-------- DATA PROVIDED --------

(* Over a *-symmetric basis X the Schur relation
   c_l M = sum_(b in X) tr(M rho(star b)) rho(b) gives, entrywise,
   c_l = sum_b rho(star b)_qp rho(b)_pq.  If m is the least valuation of an entry
   of the rho(b), b in X, this forces nu(c_l) >= 2m.  Conversely, let rho(b0)_pq
   have valuation m.  In (a) the relation Om rho(b) = rho(star b)^T Om gives
   rho(star b)_qp Om_qq = Om_pp rho(b)_pq up to terms of valuation > m, and in (b)
   the choice M = Om^-1 E_pq Om turns every trace into rho(b)_pq.  Either way c_l
   times a unit, resp. an integral element, is the sum of squares
   sum_b rho(b)_pq^2, whose valuation is exactly 2m because the residue field is
   formally real.  Hence nu(c_l) = 2m for every *-symmetric basis, which is
   balancedness, and (a) read modulo the maximal ideal is the residue identity. *)

Lemma lincomb_morph (K : fieldType) (V W : lmodType K) (f : V -> W) :
    (forall a x y, f (a *: x + y) = a *: f x + f y) ->
  forall (I : Type) (s : seq I) (a : I -> K) (x : I -> V),
  f (\sum_(i <- s) a i *: x i) = \sum_(i <- s) a i *: f (x i).
Proof.
move=> f_lin I s a x.
have f0 : f 0 = 0.
  by have := f_lin 1 0 0; rewrite scaler0 addr0 scale1r -{1}[f 0]addr0 => /addrI.
by elim: s => [|i s IH]; rewrite ?big_nil ?big_cons ?f_lin ?IH.
Qed.

Section DeltaMatrix.
Variables (R : pzRingType) (d : nat).
Implicit Types (p q : 'I_d) (A B : 'M[R]_d).

Lemma mxtrace_delta_mul p q A : \tr (delta_mx p q *m A) = A q p.
Proof.
rewrite /mxtrace (bigD1 p) //= big1 ?addr0 => [|k kp].
  rewrite mxE (bigD1 q) //= big1 ?addr0 => [|j jq]; first by rewrite mxE !eqxx mul1r.
  by rewrite mxE (negbTE jq) andbF mul0r.
by rewrite mxE big1 // => j _; rewrite mxE (negbTE kp) mul0r.
Qed.

Lemma mulmx_delta_entry p q A B i j : (A *m delta_mx p q *m B) i j = A i p * B q j.
Proof.
rewrite mxE (bigD1 q) //= big1 ?addr0 => [|k kq].
  rewrite mxE (bigD1 p) //= big1 ?addr0 => [|k kp]; first by rewrite mxE !eqxx mulr1.
  by rewrite mxE (negbTE kp) mulr0.
by rewrite mxE big1 ?mul0r // => k' _; rewrite mxE (negbTE kq) andbF mulr0.
Qed.
(* Let $\mathscr{A}$ be a finite alphabet with more than one letter and let $\mathcal{D}$ be a dictionary over $\mathscr{A}$ with subword complexity function $p(k)=\#(\mathcal{D}\cap\mathscr{A}^k)$. Then for every $k\in\mathbb{N}$, $n_{br}^\pm(k)\leq p(k+1)-p(k)$ and $$\frac{p(k+1)-p(k)}{\#\mathscr{A}-1}\leq n_{br}(k)\leq 2\big(p(k+1)-p(k)\big).$$ Moreover these estimates are optimal.
   Context: A dictionary is a non-empty set $\mathcal{D}$ of finite words over $\mathscr{A}$ containing the empty word, closed under taking subwords, and such that for each $u\in\mathcal{D}$ there are letters $a,b$ with $aub\in\mathcal{D}$. The GAP-graph $\mathscr{G}_k$ has vertex set $\mathcal{D}\cap\mathscr{A}^k$, edge set $\mathcal{D}\cap\mathscr{A}^{k+1}$, the edge $e=a_0\cdots a_k$ going from $\partial_0e=a_0\cdots a_{k-1}$ to $\partial_1e=a_1\cdots a_k$. For a vertex $u$, $\partial^+u$ (resp. $\partial^-u$) is the number of edges $e$ with $\partial_0e=u$ (resp. $\partial_1e=u$). $n_{br}^+(k)$ (resp. $n_{br}^-(k)$) is the number of vertices $u$ of $\mathscr{G}_k$ with $\partial^+u>1$ (resp. $\partial^-u>1$), and $n_{br}(k)$ is the number of vertices $u$ with $\partial^+u>1$ or $\partial^-u>1$. *)

From mathcomp Require Import all_boot all_order all_algebra.
Set Implicit Arguments. Unset Strict Implicit. Unset Printing Implicit Defensive.

(* Words over the alphabet A are sequences; a set of words is a boolean
   predicate on seq A.  "Subword" = contiguous factor (seq.infix). *)
Section Dict.
Variable A : finType.

Definition dictionary (D : pred (seq A)) : Prop :=
  [/\ D [::],
      (forall u w : seq A, D w -> infix u w -> D u) &
      (forall u : seq A, D u -> exists a b : A, D (a :: rcons u b))].

Definition compl (D : pred (seq A)) (k : nat) : nat :=
  #|[set w : k.-tuple A | D w]|.

(* GAP-graph G_k: vertices = words of length k in D, edges = words of
   length k+1 in D; edge e goes from take k e (∂0) to drop 1 e (∂1). *)
Definition outdeg (D : pred (seq A)) (k : nat) (u : k.-tuple A) : nat :=
  #|[set e : k.+1.-tuple A | D e & take k e == u]|.
Definition indeg (D : pred (seq A)) (k : nat) (u : k.-tuple A) : nat :=
  #|[set e : k.+1.-tuple A | D e & drop 1 e == u]|.

Definition nbr_plus (D : pred (seq A)) (k : nat) : nat :=
  #|[set u : k.-tuple A | D u & 1 < outdeg D u]|.
Definition nbr_minus (D : pred (seq A)) (k : nat) : nat :=
  #|[set u : k.-tuple A | D u & 1 < indeg D u]|.
Definition nbr (D : pred (seq A)) (k : nat) : nat :=
  #|[set u : k.-tuple A | D u & (1 < outdeg D u) || (1 < indeg D u)]|.
End Dict.

From mathcomp Require Import all_boot all_order all_algebra.
From mathcomp Require Import zify.
Set Implicit Arguments. Unset Strict Implicit. Unset Printing Implicit Defensive.

(* Counting the edges of the GAP-graph G_k by their sources, resp. targets,
   gives p(k+1) = sum_u d+(u) = sum_u d-(u) over the vertices u, and
   1 <= d+-(u) <= #A since every word of a dictionary extends on both sides.
   So p(k+1) - p(k) = sum_u (d+(u) - 1), to which each vertex with
   d+(u) > 1 contributes between 1 and #A - 1 and every other vertex 0;
   n_br <= n+_br + n-_br gives the factor 2.  The bounds are attained at k = 0
   by the full shift and by the dictionary of the words a^i b^j, and at k = 1
   by the latter, where only a branches forwards and only b backwards. *)

Section CountGt1.
Variable T : finType.
Implicit Types (P Q : pred T) (d : T -> nat).

Lemma card_set_sum P : #|[set u | P u]| = \sum_(u | P u) 1.
Proof. by rewrite -sum1_card; apply: eq_bigl => u; rewrite inE. Qed.

Lemma card_setI_sum P Q : #|[set u | P u & Q u]| = \sum_(u | P u) Q u.
Proof.
rewrite -sum1_card big_mkcond [RHS]big_mkcond; apply: eq_bigr => u _.
by rewrite inE; case: (P u); case: (Q u).
Qed.

Lemma card_set_fibers (U : finType) (Q : pred U) (g : T -> U) P :
    (forall t, P t -> Q (g t)) ->
  #|[set t | P t]| = \sum_(u | Q u) #|[set t | P t & g t == u]|.
Proof.
move=> PQg; rewrite card_set_sum (partition_big g Q) //.
by apply: eq_bigr => u _; rewrite -sum1_card; apply: eq_bigl => t; rewrite inE.
Qed.

Lemma card_add_card_gt1_le_sum P d : (forall u, P u -> 0 < d u) ->
  #|[set u | P u]| + #|[set u | P u & 1 < d u]| <= \sum_(u | P u) d u.
Proof.
move=> d_gt0; rewrite card_set_sum card_setI_sum -big_split /=.
by apply: leq_sum => u /d_gt0; case: ltnP => /=; lia.
Qed.

Lemma sum_le_card_add_card_gt1 P d m : (forall u, P u -> d u <= m) ->
  \sum_(u | P u) d u <= #|[set u | P u]| + (m - 1) * #|[set u | P u & 1 < d u]|.
Proof.
move=> d_le; rewrite card_set_sum card_setI_sum big_distrr -big_split /=.
by apply: leq_sum => u /d_le; case: ltnP => /=; lia.
Qed.

End CountGt1.

Section GapGraph.
Variables (A : finType) (D : pred (seq A)).
Hypothesis dictD : dictionary D.

Lemma dictionary_infix u w : D w -> infix u w -> D u.
Proof. by case: dictD => _ D_infix _; apply: D_infix. Qed.

Variable k : nat.

Lemma size_edge_source (e : k.+1.-tuple A) : size (take k e) == k.
Proof. by rewrite size_take size_tuple ltnSn. Qed.

Definition edge_source (e : k.+1.-tuple A) : k.-tuple A := Tuple (size_edge_source e).
Definition edge_target (e : k.+1.-tuple A) : k.-tuple A := [tuple of behead e].

Lemma compl_succ_sum_outdeg :
  compl D k.+1 = \sum_(u : k.-tuple A | D u) outdeg D u.
Proof.
rewrite /compl (card_set_fibers (Q := fun u : k.-tuple A => D u) (g := edge_source)).
  by apply: eq_bigr => u _; apply: eq_card => e; rewrite !inE.
by move=> e De; apply: dictionary_infix De _; apply/prefixW/prefix_take.
Qed.

Lemma compl_succ_sum_indeg :
  compl D k.+1 = \sum_(u : k.-tuple A | D u) indeg D u.
Proof.
rewrite /compl (card_set_fibers (Q := fun u : k.-tuple A => D u) (g := edge_target)).
  by apply: eq_bigr => u _; apply: eq_card => e; rewrite !inE drop1.
by move=> e De; apply: dictionary_infix De _; rewrite /= -drop1; apply/suffixW/suffix_drop.
Qed.

Lemma outdeg_gt0 (u : k.-tuple A) : D u -> 0 < outdeg D u.
Proof.
case: dictD => _ _ /[apply] -[a [b Daub]].
rewrite card_gt0; apply/set0Pn; exists [tuple of rcons u b].
rewrite !inE /= -cats1 take_size_cat ?size_tuple // eqxx andbT cats1.
by apply: dictionary_infix Daub _; apply: infix_cons.
Qed.

Lemma indeg_gt0 (u : k.-tuple A) : D u -> 0 < indeg D u.
Proof.
case: dictD => _ _ /[apply] -[a [b Daub]].
rewrite card_gt0; apply/set0Pn; exists [tuple of a :: u].
rewrite !inE /= drop0 eqxx andbT.
by apply: dictionary_infix Daub _; rewrite -cats1 -cat_cons; apply: prefix_infix.
Qed.

Lemma outdeg_le_card (u : k.-tuple A) : outdeg D u <= #|A|.
Proof.
rewrite -[#|A|]cardsT; apply: leq_trans (leq_imset_card (fun b => [tuple of rcons u b]) _).
apply: subset_leq_card; apply/subsetP => e; rewrite !inE => /andP[_ /eqP eu].
apply/imsetP; exists (nth (thead e) e k); rewrite ?inE //; apply: val_inj => /=.
by rewrite -eu -take_nth ?size_tuple // take_oversize ?size_tuple.
Qed.

Lemma nbr_plus_add_compl_le : nbr_plus D k + compl D k <= compl D k.+1.
Proof.
by rewrite addnC compl_succ_sum_outdeg; apply: card_add_card_gt1_le_sum outdeg_gt0.
Qed.

Lemma nbr_minus_add_compl_le : nbr_minus D k + compl D k <= compl D k.+1.
Proof.
by rewrite addnC compl_succ_sum_indeg; apply: card_add_card_gt1_le_sum indeg_gt0.
Qed.

Lemma compl_succ_le_nbr : compl D k.+1 <= compl D k + (#|A| - 1) * nbr D k.
Proof.
rewrite compl_succ_sum_outdeg.
apply: leq_trans (sum_le_card_add_card_gt1 (fun u _ => outdeg_le_card u)) _.
rewrite leq_add2l leq_mul2l; apply/orP; right; apply: subset_leq_card.
by apply/subsetP => u; rewrite !inE => /andP[-> ->].
Qed.

End GapGraph.

Lemma nbr_le_nbr_plus_minus (A : finType) (D : pred (seq A)) k :
  nbr D k <= nbr_plus D k + nbr_minus D k.
Proof.
rewrite /nbr /nbr_plus /nbr_minus !card_setI_sum -big_split /=.
by apply: leq_sum => u _; case: (1 < _); case: (1 < _).
Qed.

Lemma card_set_tuple0 (T : finType) (P : pred (0.-tuple T)) :
  #|[set u | P u]| = P [tuple].
Proof.
have -> : [set u | P u] = if P [tuple] then setT else set0.
  by apply/setP => u; rewrite inE [u]tuple0; case: (P _); rewrite inE.
by case: (P _); rewrite ?cardsT ?card_tuple ?cards0.
Qed.

Section LevelZero.
Variables (A : finType) (D : pred (seq A)).
Hypothesis dictD : dictionary D.

Lemma compl0 : compl D 0 = 1.
Proof. by rewrite /compl card_set_tuple0; case: dictD => ->. Qed.

Lemma outdeg_nil (u : 0.-tuple A) : outdeg D u = compl D 1.
Proof. by apply: eq_card => e; rewrite !inE take0 tuple0 eqxx andbT. Qed.

Lemma indeg_nil (u : 0.-tuple A) : indeg D u = compl D 1.
Proof.
by apply: eq_card => e; rewrite !inE tuple0 drop_oversize ?size_tuple // eqxx andbT.
Qed.

Lemma nbr0 :
  [/\ nbr_plus D 0 = (1 < compl D 1), nbr_minus D 0 = (1 < compl D 1)
    & nbr D 0 = (1 < compl D 1)].
Proof.
have D0 : D [::] by case: dictD.
by rewrite /nbr_plus /nbr_minus /nbr !card_set_tuple0 /= outdeg_nil indeg_nil D0 orbb.
Qed.

End LevelZero.

Lemma dictionary_all_words (A : finType) (a : A) : dictionary (xpredT : pred (seq A)).
Proof. by split=> // u _; exists a, a. Qed.

Lemma compl_all_words (A : finType) n : compl (xpredT : pred (seq A)) n = #|A| ^ n.
Proof. by rewrite /compl -card_tuple -cardsT; apply: eq_card => w; rewrite !inE. Qed.

Lemma pairwise_nseq (T : Type) (r : rel T) n x : r x x -> pairwise r (nseq n x).
Proof. by move=> rxx; elim: n => //= n ->; rewrite all_nseq rxx orbT. Qed.

Section StairWords.
Variables (A : finType) (a b : A).

(* The words a^i b^j: every letter is a or b, and no b precedes an a. *)
Definition stair_words : pred (seq A) :=
  fun w => pairwise (fun x y => (x == a) || (y == b)) w && all (mem [:: a; b]) w.

Lemma stair_words_dictionary : dictionary stair_words.
Proof.
split=> // [u w /andP[pw aw] /infixW uw | u /andP[pu au]].
  rewrite /stair_words (subseq_pairwise uw pw).
  by apply/allP => x /(mem_subseq uw)/(allP aw).
exists a, b; rewrite /stair_words pairwise_cons pairwise_rcons pu /= !all_rcons.
rewrite !inE !eqxx !orbT /= all_predT au andbT.
by apply/and3P; split=> //; apply/allP => x _; rewrite orbT.
Qed.

Lemma stair_words_nseq i j : stair_words (nseq i a ++ nseq j b).
Proof.
rewrite /stair_words pairwise_cat all_cat !all_nseq !pairwise_nseq ?eqxx ?orbT //.
rewrite !inE !eqxx !orbT !andbT.
by apply/allrelP => x y /nseqP[-> _] _; rewrite eqxx.
Qed.

Hypothesis neq_ab : a != b.

Let nba : (b == a) = false. Proof. by rewrite eq_sym (negbTE neq_ab). Qed.

Lemma count_stair i j : count_mem a (nseq i a ++ nseq j b) = i.
Proof. by rewrite count_cat !count_nseq /= eqxx nba mul1n addn0. Qed.

Lemma stair_wordsE w : stair_words w ->
  w = nseq (count_mem a w) a ++ nseq (size w - count_mem a w) b.
Proof.
elim: w => [//|x w IH] /andP[/andP[xw pw] /andP[xab aw]].
have /IH wE : stair_words w by apply/andP.
case: (eqVneq x a) => [-> | nxa]; rewrite /= ?eqxx.
  by rewrite add1n subSS {1}wE.
move: xab xw; rewrite !inE (negbTE nxa) /= => /eqP -> /all_pred1P wb.
by rewrite wb count_nseq /= nba mul0n subn0 size_nseq.
Qed.

Lemma size_stair n (i : 'I_n.+1) : size (nseq i a ++ nseq (n - i) b) == n.
Proof. by rewrite size_cat !size_nseq subnKC // -ltnS. Qed.

Definition stair n (i : 'I_n.+1) : n.-tuple A := Tuple (size_stair i).

Lemma compl_stair_words n : compl stair_words n = n.+1.
Proof.
have stair_inj : injective (@stair n).
  move=> i j /(congr1 (fun w : n.-tuple A => count_mem a w)).
  by rewrite !count_stair => /val_inj.
rewrite -[RHS]card_ord -cardsT -(card_imset _ stair_inj) /compl; apply: eq_card => w.
rewrite inE; apply/idP/imsetP => [/stair_wordsE wE | [i _ ->]]; last exact: stair_words_nseq.
exists (inord (count_mem a w)) => //; apply: val_inj => /=.
have cnt_le : count_mem a w < n.+1 by rewrite ltnS -{2}(size_tuple w) count_size.
by rewrite inordK // {1}wE size_tuple.
Qed.

Lemma nbr_stair_words1 : nbr stair_words 1 = 2.
Proof.
rewrite -(compl_stair_words 1) /nbr /compl; apply: eq_card => -[[|x []] //= sz1].
rewrite !inE; case Sx: (stair_words [:: x]) => //=.
move: Sx; rewrite {1}/stair_words /= !inE andbT => /orP[] /eqP ->.
  apply/orP; left; apply/card_gt1P; exists [tuple a; a], [tuple a; b].
  rewrite !inE -!val_eqE /= /stair_words /= !inE !eqxx !orbT.
  by rewrite !eqseq_cons (negbTE neq_ab) andbF.
apply/orP; right; apply/card_gt1P; exists [tuple a; b], [tuple b; b].
by rewrite !inE -!val_eqE /= /stair_words /= !inE !eqxx !orbT !eqseq_cons (negbTE neq_ab).
Qed.

End StairWords.

Import Order.TTheory GRing.Theory Num.Theory.
Local Open Scope ring_scope.

Theorem proposition12 (A : finType) (hA : (1 < #|A|)%N) :
  (forall (D : pred (seq A)), dictionary D -> forall k : nat,
     [/\ ((nbr_plus D k)%:R <= (compl D k.+1)%:R - (compl D k)%:R :> rat),
         ((nbr_minus D k)%:R <= (compl D k.+1)%:R - (compl D k)%:R :> rat),
         (((compl D k.+1)%:R - (compl D k)%:R) / (#|A|%:R - 1)
            <= (nbr D k)%:R :> rat) &
         ((nbr D k)%:R <= 2 * ((compl D k.+1)%:R - (compl D k)%:R) :> rat)])
  /\
  (* optimality: each bound is attained, non-trivially (p(k+1) <> p(k)) *)
  [/\ (exists (D : pred (seq A)) (k : nat), [/\ dictionary D,
          compl D k.+1 != compl D k &
          (nbr_plus D k)%:R = (compl D k.+1)%:R - (compl D k)%:R :> rat]),
      (exists (D : pred (seq A)) (k : nat), [/\ dictionary D,
          compl D k.+1 != compl D k &
          (nbr_minus D k)%:R = (compl D k.+1)%:R - (compl D k)%:R :> rat]),
      (exists (D : pred (seq A)) (k : nat), [/\ dictionary D,
          compl D k.+1 != compl D k &
          ((compl D k.+1)%:R - (compl D k)%:R) / (#|A|%:R - 1)
            = (nbr D k)%:R :> rat]) &
      (exists (D : pred (seq A)) (k : nat), [/\ dictionary D,
          compl D k.+1 != compl D k &
          (nbr D k)%:R = 2 * ((compl D k.+1)%:R - (compl D k)%:R) :> rat])].
Proof.
have A1 : #|A|%:R - 1 = (#|A| - 1)%:R :> rat by rewrite natrB // ltnW.
split=> [D dictD k | ].
  have plus_le := nbr_plus_add_compl_le dictD k.
  have minus_le := nbr_minus_add_compl_le dictD k.
  have succ_le := compl_succ_le_nbr dictD k.
  have nbr_le := nbr_le_nbr_plus_minus D k.
  rewrite -natrB ?(leq_trans (leq_addl _ _) plus_le) // A1.
  rewrite ler_pdivrMr ?ltr0n ?subn_gt0 // -!natrM !ler_nat.
  by split; lia.
case/card_gt1P: (hA) => a [b [_ _ neq_ab]].
have stairD := stair_words_dictionary a b.
have allD := dictionary_all_words a.
have [plus0 minus0 _] := nbr0 stairD.
have [_ _ all0] := nbr0 allD.
split.
- exists (stair_words a b), 0%N.
  by rewrite plus0 !compl_stair_words // -natrB.
- exists (stair_words a b), 0%N.
  by rewrite minus0 !compl_stair_words // -natrB.
- exists xpredT, 0%N.
  rewrite all0 !compl_all_words expn1 expn0 hA A1 divff ?pnatr_eq0 ?subn_eq0 -?ltnNge //.
  by rewrite neq_ltn hA orbT.
- exists (stair_words a b), 1%N.
  by rewrite nbr_stair_words1 // !compl_stair_words // -natrB.
Qed.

--------

Set down, from the entries above, exactly the lines from the one with "[/\ ((nbr_plus D" up to and including the one with "(* optimality: each", and no other lines.

**OUTPUT OF THE TASK**
     [/\ ((nbr_plus D k)%:R <= (compl D k.+1)%:R - (compl D k)%:R :> rat),
         ((nbr_minus D k)%:R <= (compl D k.+1)%:R - (compl D k)%:R :> rat),
         (((compl D k.+1)%:R - (compl D k)%:R) / (#|A|%:R - 1)
            <= (nbr D k)%:R :> rat) &
         ((nbr D k)%:R <= 2 * ((compl D k.+1)%:R - (compl D k)%:R) :> rat)])
  /\
  (* optimality: each bound is attained, non-trivially (p(k+1) <> p(k)) *)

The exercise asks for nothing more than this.